BRIEF ▸ Print out the data below. Do not alter a single line.
(Beginning of EXTRACTED INFORMATION)
(* Let $g\ge2$ and $n\ge2$. Then $P_{g,n}(a_1,\dots,a_n)$ is divisible by $\prod_{i=1}^n a_i$ in the polynomial ring $\mathbb{Q}[a_1,\dots,a_n]$, and $\tilde P(a_1,\dots,a_n):=P_{g,n}(a_1,\dots,a_n)/\prod_{i=1}^na_i$ is a polynomial of degree (at most) $2g-4+n$.
   Context: For $g\ge2$, $n\ge1$, $$P_{g,n}(a_1,\dots,a_n):=\sum_{k=1}^n\frac{(-1)^k(2g-3+k)!}{k!}\sum_{(I_1,\dots,I_k)}\ \sum_{\substack{d_1,\dots,d_k\in\mathbb{Z}_{\ge0}\\ d_1+\cdots+d_k=g-2+n}}\prod_{j=1}^k\binom{2a_{[I_j]}+1}{2d_j}\prod_{i=1}^{|I_j|-1}(2d_j+1-2i),$$ where $(I_1,\dots,I_k)$ runs over ordered $k$-tuples of nonempty pairwise disjoint subsets of $\{1,\dots,n\}$ with union $\{1,\dots,n\}$, $a_{[I]}:=\sum_{\ell\in I}a_\ell$, and $\binom{x}{m}:=x(x-1)\cdots(x-m+1)/m!$ for $m\ge0$, a polynomial in $x$ of degree $m$. *)

From mathcomp Require Import all_boot all_order all_algebra.
Set Implicit Arguments. Unset Strict Implicit. Unset Printing Implicit Defensive.
Import GRing.Theory Num.Theory.
Local Open Scope ring_scope.

Definition binomQ (x : rat) (m : nat) : rat :=
  (\prod_(i < m) (x - i%:R)) / (m`!)%:R.

Definition ordered_set_partition (n k : nat) (I : {ffun 'I_k -> {set 'I_n}}) : bool :=
  [&& [forall j, I j != set0],
      [forall j, forall j', (j != j') ==> [disjoint I j & I j']]
    & (\bigcup_(j < k) I j == [set: 'I_n])].

Definition asum (n : nat) (a : 'I_n -> rat) (I : {set 'I_n}) : rat :=
  \sum_(l in I) a l.

(* The polynomial P_{g,n}, as a function of (a_1,...,a_n) in Q^n.
   The d_j range over nonnegative integers with sum g-2+n, hence each
   d_j < g-1+n; they are encoded as ordinals 'I_(g-1+n). *)
Definition Pgn (g n : nat) (a : 'I_n -> rat) : rat :=
  \sum_(1 <= k < n.+1)
    ((-1) ^+ k * ((2 * g - 3 + k)`!)%:R / (k`!)%:R *
     \sum_(I : {ffun 'I_k -> {set 'I_n}} | ordered_set_partition I)
       \sum_(d : {ffun 'I_k -> 'I_(g - 1 + n)} |
               (\sum_(j < k) (d j : nat))%N == (g - 2 + n)%N)
         \prod_(j < k)
           (binomQ (2 * asum a (I j) + 1) (2 * d j) *
            \prod_(1 <= i < #|I j|) (((2 * d j + 1)%N)%:R - ((2 * i)%N)%:R))).

Definition mpoly (n : nat) := seq (rat * {ffun 'I_n -> nat}).

Definition meval (n : nat) (p : mpoly n) (a : 'I_n -> rat) : rat :=
  \sum_(m <- (p : seq (rat * {ffun 'I_n -> nat}))) m.1 * \prod_(i < n) a i ^+ m.2 i.

Definition mdeg_le (n : nat) (p : mpoly n) (D : nat) : bool :=
  all (fun m : rat * {ffun 'I_n -> nat} => (\sum_(i < n) m.2 i <= D)%N) p.

Arguments Pgn g n a : clear implicits.

(* Write P_{g,n} = sum_k c_k sum_I w(I), where c_k = (-1)^k (2g-3+k)!/k! and w(I)
   is the inner sum over (d_j) for the ordered partition I.  If a_i = 0, putting i
   into a block S at exponent d multiplies its factor by 2d+1-2|S|.  Sorting the
   partitions of {1..n} into k+1 blocks by the block of i, the factors add up to
   2g-1+k when i joins a block of a partition of the other points, while a singleton
   block {i} is simply dropped; so the partitions into k+1 blocks contribute
   (2g-1+k) W_{k+1} + (k+1) W_k, with W_k the sum over partitions of the n-1 other
   points into k blocks.  The recursion (k+1) c_{k+1} = -(2g-2+k) c_k makes the sum
   over k telescope to 0.  Hence P_{g,n} vanishes on every hyperplane a_i = 0, every
   monomial of P_{g,n} contains every variable, and dividing by a_1...a_n lowers the
   total degree 2(g-2+n) of P_{g,n} by n. *)

From Pilot Require Import Defs.
From mathcomp Require Import all_boot all_order all_algebra.
From mathcomp Require Import zify ring.
From mathcomp Require Import mpoly.
Set Implicit Arguments. Unset Strict Implicit. Unset Printing Implicit Defensive.
Import GRing.Theory Num.Theory.
Local Open Scope ring_scope.

Section OrderedPartitions.
Variables (n k : nat).
Implicit Types (I : {ffun 'I_k -> {set 'I_n}}) (S : {set 'I_n}) (l : 'I_n).

Definition occ I l : nat := \sum_(j < k) (l \in I j).

Definition covers S I : bool := [forall l, occ I l == (l \in S)].

Definition nonempty_blocks I : bool := [forall j, I j != set0].

Definition partition_but (j0 : 'I_k) S I : bool :=
  covers S I && [forall j, (j != j0) ==> (I j != set0)].

Lemma partition_but_nonempty j0 S I :
  partition_but j0 S I && (I j0 != set0) = nonempty_blocks I && covers S I.
Proof.
rewrite /partition_but -andbA andbC; congr (_ && _); apply/andP/forallP => [[I_ne I_j0] j|I_ne].
  by case: (j =P j0) => [->//|/eqP j_j0]; move/forallP/(_ j): I_ne; rewrite j_j0.
by split; [apply/forallP => j; rewrite I_ne implybT | apply: I_ne].
Qed.

Lemma occ_eq0 I l : occ I l = 0%N -> forall j, l \notin I j.
Proof. by move/eqP; rewrite sum_nat_eq0 => /forallP I_l j; have := I_l j; case: (l \in I j). Qed.

Lemma occ_eq1 I l : occ I l = 1%N -> exists j0, forall j, (l \in I j) = (j == j0).
Proof.
rewrite /occ -big_mkcond /= sum_nat_cond_const muln1 => /eqP /cards1P [j0 blocks_l].
by exists j0 => j; rewrite -in_set1 -blocks_l inE.
Qed.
(End of EXTRACTED INFORMATION)
PROBLEM SOLUTION ▸
(* Let $g\ge2$ and $n\ge2$. Then $P_{g,n}(a_1,\dots,a_n)$ is divisible by $\prod_{i=1}^n a_i$ in the polynomial ring $\mathbb{Q}[a_1,\dots,a_n]$, and $\tilde P(a_1,\dots,a_n):=P_{g,n}(a_1,\dots,a_n)/\prod_{i=1}^na_i$ is a polynomial of degree (at most) $2g-4+n$.
   Context: For $g\ge2$, $n\ge1$, $$P_{g,n}(a_1,\dots,a_n):=\sum_{k=1}^n\frac{(-1)^k(2g-3+k)!}{k!}\sum_{(I_1,\dots,I_k)}\ \sum_{\substack{d_1,\dots,d_k\in\mathbb{Z}_{\ge0}\\ d_1+\cdots+d_k=g-2+n}}\prod_{j=1}^k\binom{2a_{[I_j]}+1}{2d_j}\prod_{i=1}^{|I_j|-1}(2d_j+1-2i),$$ where $(I_1,\dots,I_k)$ runs over ordered $k$-tuples of nonempty pairwise disjoint subsets of $\{1,\dots,n\}$ with union $\{1,\dots,n\}$, $a_{[I]}:=\sum_{\ell\in I}a_\ell$, and $\binom{x}{m}:=x(x-1)\cdots(x-m+1)/m!$ for $m\ge0$, a polynomial in $x$ of degree $m$. *)

From mathcomp Require Import all_boot all_order all_algebra.
Set Implicit Arguments. Unset Strict Implicit. Unset Printing Implicit Defensive.
Import GRing.Theory Num.Theory.
Local Open Scope ring_scope.

Definition binomQ (x : rat) (m : nat) : rat :=
  (\prod_(i < m) (x - i%:R)) / (m`!)%:R.

Definition ordered_set_partition (n k : nat) (I : {ffun 'I_k -> {set 'I_n}}) : bool :=
  [&& [forall j, I j != set0],
      [forall j, forall j', (j != j') ==> [disjoint I j & I j']]
    & (\bigcup_(j < k) I j == [set: 'I_n])].

Definition asum (n : nat) (a : 'I_n -> rat) (I : {set 'I_n}) : rat :=
  \sum_(l in I) a l.

(* The polynomial P_{g,n}, as a function of (a_1,...,a_n) in Q^n.
   The d_j range over nonnegative integers with sum g-2+n, hence each
   d_j < g-1+n; they are encoded as ordinals 'I_(g-1+n). *)
Definition Pgn (g n : nat) (a : 'I_n -> rat) : rat :=
  \sum_(1 <= k < n.+1)
    ((-1) ^+ k * ((2 * g - 3 + k)`!)%:R / (k`!)%:R *
     \sum_(I : {ffun 'I_k -> {set 'I_n}} | ordered_set_partition I)
       \sum_(d : {ffun 'I_k -> 'I_(g - 1 + n)} |
               (\sum_(j < k) (d j : nat))%N == (g - 2 + n)%N)
         \prod_(j < k)
           (binomQ (2 * asum a (I j) + 1) (2 * d j) *
            \prod_(1 <= i < #|I j|) (((2 * d j + 1)%N)%:R - ((2 * i)%N)%:R))).

Definition mpoly (n : nat) := seq (rat * {ffun 'I_n -> nat}).

Definition meval (n : nat) (p : mpoly n) (a : 'I_n -> rat) : rat :=
  \sum_(m <- (p : seq (rat * {ffun 'I_n -> nat}))) m.1 * \prod_(i < n) a i ^+ m.2 i.

Definition mdeg_le (n : nat) (p : mpoly n) (D : nat) : bool :=
  all (fun m : rat * {ffun 'I_n -> nat} => (\sum_(i < n) m.2 i <= D)%N) p.

Arguments Pgn g n a : clear implicits.

(* Write P_{g,n} = sum_k c_k sum_I w(I), where c_k = (-1)^k (2g-3+k)!/k! and w(I)
   is the inner sum over (d_j) for the ordered partition I.  If a_i = 0, putting i
   into a block S at exponent d multiplies its factor by 2d+1-2|S|.  Sorting the
   partitions of {1..n} into k+1 blocks by the block of i, the factors add up to
   2g-1+k when i joins a block of a partition of the other points, while a singleton
   block {i} is simply dropped; so the partitions into k+1 blocks contribute
   (2g-1+k) W_{k+1} + (k+1) W_k, with W_k the sum over partitions of the n-1 other
   points into k blocks.  The recursion (k+1) c_{k+1} = -(2g-2+k) c_k makes the sum
   over k telescope to 0.  Hence P_{g,n} vanishes on every hyperplane a_i = 0, every
   monomial of P_{g,n} contains every variable, and dividing by a_1...a_n lowers the
   total degree 2(g-2+n) of P_{g,n} by n. *)

From Pilot Require Import Defs.
From mathcomp Require Import all_boot all_order all_algebra.
From mathcomp Require Import zify ring.
From mathcomp Require Import mpoly.
Set Implicit Arguments. Unset Strict Implicit. Unset Printing Implicit Defensive.
Import GRing.Theory Num.Theory.
Local Open Scope ring_scope.

Section OrderedPartitions.
Variables (n k : nat).
Implicit Types (I : {ffun 'I_k -> {set 'I_n}}) (S : {set 'I_n}) (l : 'I_n).

Definition occ I l : nat := \sum_(j < k) (l \in I j).

Definition covers S I : bool := [forall l, occ I l == (l \in S)].

Definition nonempty_blocks I : bool := [forall j, I j != set0].

Definition partition_but (j0 : 'I_k) S I : bool :=
  covers S I && [forall j, (j != j0) ==> (I j != set0)].

Lemma partition_but_nonempty j0 S I :
  partition_but j0 S I && (I j0 != set0) = nonempty_blocks I && covers S I.
Proof.
rewrite /partition_but -andbA andbC; congr (_ && _); apply/andP/forallP => [[I_ne I_j0] j|I_ne].
  by case: (j =P j0) => [->//|/eqP j_j0]; move/forallP/(_ j): I_ne; rewrite j_j0.
by split; [apply/forallP => j; rewrite I_ne implybT | apply: I_ne].
Qed.

Lemma occ_eq0 I l : occ I l = 0%N -> forall j, l \notin I j.
Proof. by move/eqP; rewrite sum_nat_eq0 => /forallP I_l j; have := I_l j; case: (l \in I j). Qed.

Lemma occ_eq1 I l : occ I l = 1%N -> exists j0, forall j, (l \in I j) = (j == j0).
Proof.
rewrite /occ -big_mkcond /= sum_nat_cond_const muln1 => /eqP /cards1P [j0 blocks_l].
by exists j0 => j; rewrite -in_set1 -blocks_l inE.
Qed.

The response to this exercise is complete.